+++ Task inputs +++

(* Let $\underline x<\overline x$ and $g\in C^2([\underline x,\overline x])$ satisfy conditions (G1)–(G5) below. 1. The minimizer $(\hat m(x),\hat s_1(x),\hat s_2(x))$ of the infimum in (G2) is well defined for every $x\in[\underline x,\overline x]$. 2. Let $\hat\alpha(x)=\alpha(\hat m(x),\hat s_1(x),\hat s_2(x))$, and define $\hat\beta,\hat\gamma,\hat\theta_1,\hat\theta_2$ analogously. Then the functions $\hat\alpha$, $\hat\beta$, $\hat\gamma$, $\hat\theta_1$, $\hat\theta_2$, $\frac{\hat s_1(x)}{g'(x)}$, $\frac{\hat s_2(x)}{g'(x)}$ and $\frac{\hat\beta(x)}{g'(x)}$ are Lipschitz on $[\underline x,\overline x]$. 3. For $x\in[\underline x,\overline x]$, $$-\hat\alpha(x)g'(x)-\big(\hat m(x)+\hat\beta(x)\big)+\hat\gamma(x)\Big(\frac{x}{g'(x)}\Big)'=0.$$
   Context: Parameters. - $\rho\in(-1,1)$. - $\mu_1,\mu_2,\sigma_1,\sigma_2>0$. - $\overline\lambda>0$ and $\underline\lambda\in(0,1)$. - $p\in(-\infty,1)\setminus\{0\}$, with $q=p/(1-p)$ and $\operatorname{sgn}(p)$ the sign of $p$. - $\delta>0$. Standing assumption: $$\delta>\frac{q}{2(1-\rho^2)}\Big(\big(\tfrac{\mu_1}{\sigma_1}\big)^2+\big(\tfrac{\mu_2}{\sigma_2}\big)^2-2\rho\tfrac{\mu_1\mu_2}{\sigma_1\sigma_2}\Big),\qquad \mu_1\ne\tfrac{\rho\mu_2\sigma_1}{\sigma_2},\qquad \mu_2\ne\tfrac{\rho\sigma_1\sigma_2}{1+q}.$$ Functions. For $m,s_1,s_2\in\mathbb R$ with $s_1\ne-\sigma_1$, define $$\theta_1(m,s_1,s_2)=\tfrac{\rho(\sigma_2s_2-\mu_2)}{(1-\rho^2)\sigma_2}-\tfrac{\mu_2s_2-(m+\mu_1+s_1\sigma_1+\frac12(s_1^2+s_2^2))\sigma_2}{(1-\rho^2)\sigma_2(s_1+\sigma_1)},\qquad \theta_2=\tfrac{\mu_2}{\sigma_2}-\rho\theta_1,$$ $$\alpha=(1+q)\delta-\tfrac{q(1+q)}2(\theta_1^2+\theta_2^2+2\rho\theta_1\theta_2),\qquad \beta=q\big((s_1+\rho s_2)\theta_1+(\rho s_1+s_2)\theta_2\big),\qquad \gamma=\tfrac12(s_1^2+s_2^2+2\rho s_1s_2).$$ Conditions (G1)–(G5) on $\underline x<\overline x$ and $g\in C^2([\underline x,\overline x])$: - (G1) if $\mu_1>\rho\mu_2\sigma_1/\sigma_2$ then $0<\underline x<\overline x$; if $\mu_1<\rho\mu_2\sigma_1/\sigma_2$ then $\underline x<\overline x<0$. - (G2) for $x\in[\underline x,\overline x]$, $$\inf_{m,s_1,s_2}\{-\alpha g(x)-(m+\beta)x+\gamma\tfrac{x}{g'(x)}+\operatorname{sgn}(p)\}=0.$$ - (G3) $g'(\underline x)=g'(\overline x)=0$ and $\int_{\underline x}^{\overline x}\frac{g'(x)}x\,dx=\log\frac{1+\overline\lambda}{1-\underline\lambda}$. - (G4) $q\,g(x)$, $q\,g(x)(g'(x)+1)-(1+q)xg'(x)$, $q(g(x)-xg'(x))$ and $g'(x)+1$ are strictly positive on $[\underline x,\overline x]$. - (G5) $g'(x)/x>0$ on $(\underline x,\overline x)$. *)

From Stdlib Require Import Reals Lra.
From Coquelicot Require Import Coquelicot.
Open Scope R_scope.

Definition sgnR (p : R) : R := if Rlt_dec 0 p then 1 else -1.

Definition qof (p : R) : R := p / (1 - p).

Definition theta1 (rho mu1 mu2 sig1 sig2 : R) (m s1 s2 : R) : R :=
  rho * (sig2 * s2 - mu2) / ((1 - rho ^ 2) * sig2)
  - (mu2 * s2 - (m + mu1 + s1 * sig1 + / 2 * (s1 ^ 2 + s2 ^ 2)) * sig2)
    / ((1 - rho ^ 2) * sig2 * (s1 + sig1)).

Definition theta2 (rho mu1 mu2 sig1 sig2 : R) (m s1 s2 : R) : R :=
  mu2 / sig2 - rho * theta1 rho mu1 mu2 sig1 sig2 m s1 s2.

Definition alphaF (rho mu1 mu2 sig1 sig2 p delta : R) (m s1 s2 : R) : R :=
  let q := qof p in
  let t1 := theta1 rho mu1 mu2 sig1 sig2 m s1 s2 in
  let t2 := theta2 rho mu1 mu2 sig1 sig2 m s1 s2 in
  (1 + q) * delta - q * (1 + q) / 2 * (t1 ^ 2 + t2 ^ 2 + 2 * rho * t1 * t2).

Definition betaF (rho mu1 mu2 sig1 sig2 p : R) (m s1 s2 : R) : R :=
  let q := qof p in
  let t1 := theta1 rho mu1 mu2 sig1 sig2 m s1 s2 in
  let t2 := theta2 rho mu1 mu2 sig1 sig2 m s1 s2 in
  q * ((s1 + rho * s2) * t1 + (rho * s1 + s2) * t2).

Definition gammaF (rho : R) (s1 s2 : R) : R :=
  / 2 * (s1 ^ 2 + s2 ^ 2 + 2 * rho * s1 * s2).

(* The objective of (G2), with values in the extended reals.
   g0 = g(x), g1 = g'(x).  When g'(x) = 0 (which by (G3)/(G5) happens exactly
   at the end points, where x/g'(x) -> +oo), the term gamma * x / g'(x) is read
   as +oo if gamma > 0 and as 0 if gamma = 0 (convention 0 * oo = 0). *)
Definition objG (rho mu1 mu2 sig1 sig2 p delta : R) (x g0 g1 : R)
  (m s1 s2 : R) : Rbar :=
  let a := alphaF rho mu1 mu2 sig1 sig2 p delta m s1 s2 in
  let b := betaF rho mu1 mu2 sig1 sig2 p m s1 s2 in
  let c := gammaF rho s1 s2 in
  let base := - a * g0 - (m + b) * x + sgnR p in
  if Req_EM_T g1 0 then
    (if Req_EM_T c 0 then Finite base else p_infty)
  else Finite (base + c * (x / g1)).

Definition has_deriv_within (D : R -> Prop) (f : R -> R) (x l : R) : Prop :=
  forall eps : R, 0 < eps -> exists delta : R, 0 < delta /\
    forall y : R, D y -> 0 < Rabs (y - x) < delta ->
      Rabs ((f y - f x) / (y - x) - l) < eps.

Definition continuous_within (D : R -> Prop) (f : R -> R) (x : R) : Prop :=
  forall eps : R, 0 < eps -> exists delta : R, 0 < delta /\
    forall y : R, D y -> Rabs (y - x) < delta -> Rabs (f y - f x) < eps.

Definition C2_on (a b : R) (g g1 g2 : R -> R) : Prop :=
  forall x, a <= x <= b ->
    has_deriv_within (fun y => a <= y <= b) g x (g1 x) /\
    has_deriv_within (fun y => a <= y <= b) g1 x (g2 x) /\
    continuous_within (fun y => a <= y <= b) g2 x.

Definition lipschitz_on (D : R -> Prop) (f : R -> R) : Prop :=
  exists L : R, forall x y, D x -> D y -> Rabs (f x - f y) <= L * Rabs (x - y).

Definition inf_is_zero (sig1 : R) (F : R -> R -> R -> Rbar) : Prop :=
  (forall m s1 s2, s1 <> - sig1 -> Rbar_le (Finite 0) (F m s1 s2)) /\
  (forall eps, 0 < eps -> exists m s1 s2,
      s1 <> - sig1 /\ Rbar_lt (F m s1 s2) (Finite eps)).

From Stdlib Require Import Reals Lra Psatz.
From Coquelicot Require Import Coquelicot.
Open Scope R_scope.

(* For fixed x, s1 <> -sigma1 makes theta1 an affine function of m, and in the coordinates
   (theta1, s1, s2) the objective of (G2) is a quadratic polynomial.  By (G4) and (G5) its
   quadratic part is a sum of squares with positive weights, so its critical point, which
   has a closed form, is the unique strict minimizer; since the infimum is 0 it is also
   the unique zero.  The closed form is rational in x, g(x), g'(x) with denominators that
   (G4) keeps away from 0 on the compact interval, whence the Lipschitz bounds; s1 and s2
   carry a factor g'(x), whence the bounds for the quotients by g'(x).  Freezing the
   controls at their value at x, the objective at y is >= 0 and vanishes at y = x, so its
   y-derivative vanishes at x: this is the ODE, whose right-hand side is Lipschitz and so
   extends to the end points. *)

(** * Lipschitz functions and calculus on a compact interval *)

Lemma continuous_within_of_local_lipschitz (D : R -> Prop) f x :
  (exists d K, 0 < d /\
     forall y, D y -> Rabs (y - x) < d -> Rabs (f y - f x) <= K * Rabs (y - x)) ->
  continuous_within D f x.
Proof.
  intros [d [K [Hd HK]]] eps Heps.
  assert (HK1 : 0 < Rabs K + 1) by (pose proof (Rabs_pos K); lra).
  exists (Rmin d (eps / (Rabs K + 1))); split.
  { apply Rmin_glb_lt; [lra | apply Rdiv_lt_0_compat; lra]. }
  intros y Dy Hy.
  pose proof (Rmin_l d (eps / (Rabs K + 1))). pose proof (Rmin_r d (eps / (Rabs K + 1))).
  assert (Hyx : (Rabs K + 1) * Rabs (y - x) < eps).
  { apply (Rmult_lt_compat_l (Rabs K + 1)) in Hy; [|lra].
    apply (Rlt_le_trans _ _ _ Hy). apply Rmult_le_reg_r with (/ (Rabs K + 1)).
    - apply Rinv_0_lt_compat; lra.
    - field_simplify; lra. }
  pose proof (HK y Dy ltac:(lra)). pose proof (Rle_abs K). pose proof (Rabs_pos (y - x)).
  nra.
Qed.

Lemma has_deriv_within_continuous (D : R -> Prop) f x l :
  has_deriv_within D f x l -> continuous_within D f x.
Proof.
  intros Hf. apply continuous_within_of_local_lipschitz.
  destruct (Hf 1 Rlt_0_1) as [d [Hd Hq]].
  exists d, (Rabs l + 1); split; [exact Hd|]. intros y Dy Hy.
  destruct (Req_dec y x) as [->|Hne].
  { rewrite !Rminus_diag, Rabs_R0, Rmult_0_r. lra. }
  assert (Hyx : 0 < Rabs (y - x)) by (apply Rabs_pos_lt; lra).
  specialize (Hq y Dy (conj Hyx Hy)).
  replace (f y - f x) with (((f y - f x) / (y - x) - l + l) * (y - x)) by (field; lra).
  rewrite Rabs_mult. apply Rmult_le_compat_r; [lra|].
  eapply Rle_trans; [apply Rabs_triang|]. lra.
Qed.

Lemma lipschitz_on_continuous_within (D : R -> Prop) f x :
  lipschitz_on D f -> D x -> continuous_within D f x.
Proof.
  intros [L HL] Dx. apply continuous_within_of_local_lipschitz.
  exists 1, L; split; [lra|]. intros y Dy _. now apply HL.
Qed.

Lemma is_derive_local_min h x l d : 0 < d -> is_derive h x l ->
  (forall y, x - d < y < x + d -> h x <= h y) -> l = 0.
Proof.
  intros Hd Hder Hmin. apply is_derive_Reals in Hder.
  pose (pr := exist (fun l => derivable_pt_abs h x l) l Hder : derivable_pt h x).
  apply (deriv_minimum h (x - d) (x + d) x pr); [lra | lra |].
  intros y Hy1 Hy2. apply Hmin. lra.
Qed.

Lemma lipschitz_on_nonneg (D : R -> Prop) f : lipschitz_on D f ->
  exists L, 0 <= L /\ forall x y, D x -> D y -> Rabs (f x - f y) <= L * Rabs (x - y).
Proof.
  intros [L HL]. exists (Rabs L). split; [apply Rabs_pos|]. intros x y Hx Hy.
  eapply Rle_trans; [now apply HL|]. apply Rmult_le_compat_r; [apply Rabs_pos | apply Rle_abs].
Qed.

Lemma lipschitz_on_ext (D : R -> Prop) f h :
  (forall x, D x -> f x = h x) -> lipschitz_on D f -> lipschitz_on D h.
Proof. intros Heq [L HL]. exists L. intros x y Hx Hy. rewrite <- !Heq by assumption. auto. Qed.

Lemma lipschitz_on_subset (D D' : R -> Prop) f :
  (forall x, D' x -> D x) -> lipschitz_on D f -> lipschitz_on D' f.
Proof. intros Hsub [L HL]. exists L. auto. Qed.

Lemma lipschitz_on_const (D : R -> Prop) c : lipschitz_on D (fun _ => c).
Proof. exists 0. intros. rewrite Rminus_diag, Rabs_R0. lra. Qed.

Lemma lipschitz_on_id (D : R -> Prop) : lipschitz_on D (fun x => x).
Proof. exists 1. intros. lra. Qed.

Lemma lipschitz_on_plus (D : R -> Prop) f h :
  lipschitz_on D f -> lipschitz_on D h -> lipschitz_on D (fun x => f x + h x).
Proof.
  intros [Lf Hf] [Lh Hh]. exists (Lf + Lh). intros x y Hx Hy.
  replace (f x + h x - (f y + h y)) with ((f x - f y) + (h x - h y)) by ring.
  eapply Rle_trans; [apply Rabs_triang|]. specialize (Hf x y Hx Hy). specialize (Hh x y Hx Hy).
  lra.
Qed.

+++

[How to complete this task] In the entries above, the lines from the one bearing "Definition lipschitz_on (D" up to and including the one bearing "(forall eps, 0" should be transcribed exactly; no other line is wanted.

[Answer to the exercise]
Definition lipschitz_on (D : R -> Prop) (f : R -> R) : Prop :=
  exists L : R, forall x y, D x -> D y -> Rabs (f x - f y) <= L * Rabs (x - y).

Definition inf_is_zero (sig1 : R) (F : R -> R -> R -> Rbar) : Prop :=
  (forall m s1 s2, s1 <> - sig1 -> Rbar_le (Finite 0) (F m s1 s2)) /\
  (forall eps, 0 < eps -> exists m s1 s2,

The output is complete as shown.